# EXTRACTED INFORMATION
(* Let $\mathcal{W}$ be the weight space of an MLP with hidden dimensions $d_1,\dots,d_{L-1}$ and let $G=S_{d_1}\times\dots\times S_{d_{L-1}}$ act on $\mathcal{W}$ by the (orthonormal, linear) neuron-permutation action described in the context. Let $p(\boldsymbol{\omega})$ be a $G$-invariant prior density, and let the likelihood $p(\mathbf{Y}\mid\mathbf{X},\boldsymbol{\omega})$ of a dataset $(\mathbf{X},\mathbf{Y})$ be $G$-invariant in $\boldsymbol{\omega}$ (as holds when it depends on $\boldsymbol{\omega}$ only through the network outputs $\mathbf{f}^{\boldsymbol{\omega}}(\mathbf{x}_i)$). Let $q_\theta(\boldsymbol{\omega})$ be a variational density on $\mathcal{W}$, and define its symmetrization $q_\theta^G(\boldsymbol{\omega})=\frac{1}{|G|}\sum_{g\in G}q_\theta(g^{-1}\cdot\boldsymbol{\omega})$ and the ELBOs $$\mathcal{L}_{\mathrm{VI}}(\theta)=\mathbb{E}_{\boldsymbol{\omega}\sim q_\theta}\log p(\mathbf{Y}\mid\mathbf{X},\boldsymbol{\omega})-\mathrm{KL}(q_\theta\,\|\,p),\qquad \mathcal{L}^G_{\mathrm{VI}}(\theta)=\mathbb{E}_{\boldsymbol{\omega}\sim q^G_\theta}\log p(\mathbf{Y}\mid\mathbf{X},\boldsymbol{\omega})-\mathrm{KL}(q^G_\theta\,\|\,p).$$ Consider the joint distribution of $(g,\boldsymbol{\omega})\in G\times\mathcal{W}$ given by $q_\theta^G(g,\boldsymbol{\omega})=\frac{1}{|G|}q_\theta(g^{-1}\cdot\boldsymbol{\omega})$ (so $g$ is uniform on $G$ and $\boldsymbol{\omega}\mid g$ has density $q_\theta(g^{-1}\cdot\boldsymbol{\omega})$), whose $\boldsymbol{\omega}$-marginal is $q^G_\theta$. Then (assuming all quantities involved are finite) $$\mathcal{L}^G_{\mathrm{VI}}(\theta)=\mathcal{L}_{\mathrm{VI}}(\theta)+H(q^G_\theta)-H(q_\theta)=\mathcal{L}_{\mathrm{VI}}(\theta)+I(g;\boldsymbol{\omega}),$$ where $H$ denotes differential entropy and $I(g;\boldsymbol{\omega})$ is the mutual information of $g$ and $\boldsymbol{\omega}$ under $q_\theta^G(g,\boldsymbol{\omega})$.
   Context: The MLP weight space is $\mathcal{W}=\bigoplus_{l=1}^L(\mathbb{R}^{d_l\times d_{l-1}}\oplus\mathbb{R}^{d_l})$ with $\boldsymbol{\omega}=(\mathbf{W}_1,\dots,\mathbf{W}_L,\mathbf{b}_1,\dots,\mathbf{b}_L)$ and Euclidean norm. For $g=(\tau_1,\dots,\tau_{L-1})\in G$ with permutation matrices $\mathbf{P}_{\tau_l}$, $g\cdot\boldsymbol{\omega}$ has $\mathbf{W}_1'=\mathbf{P}_{\tau_1}^\top\mathbf{W}_1$, $\mathbf{b}_1'=\mathbf{P}_{\tau_1}^\top\mathbf{b}_1$; $\mathbf{W}_l'=\mathbf{P}_{\tau_l}^\top\mathbf{W}_l\mathbf{P}_{\tau_{l-1}}$, $\mathbf{b}_l'=\mathbf{P}_{\tau_l}^\top\mathbf{b}_l$ for $2\le l\le L-1$; $\mathbf{W}_L'=\mathbf{W}_L\mathbf{P}_{\tau_{L-1}}$, $\mathbf{b}_L'=\mathbf{b}_L$. This is a linear norm-preserving action. A function or density $h$ on $\mathcal{W}$ is $G$-invariant if $h(g\cdot\boldsymbol{\omega})=h(\boldsymbol{\omega})$ for all $g\in G,\boldsymbol{\omega}\in\mathcal{W}$. All distributions have densities. *)

From HB Require Import structures.
From mathcomp Require Import all_boot all_order all_algebra all_fingroup.
From mathcomp Require Import all_classical all_reals all_analysis.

# WHAT IS NEEDED
Tell how many lines of the listing above contain "From", giving the number alone.

# OUTPUT
3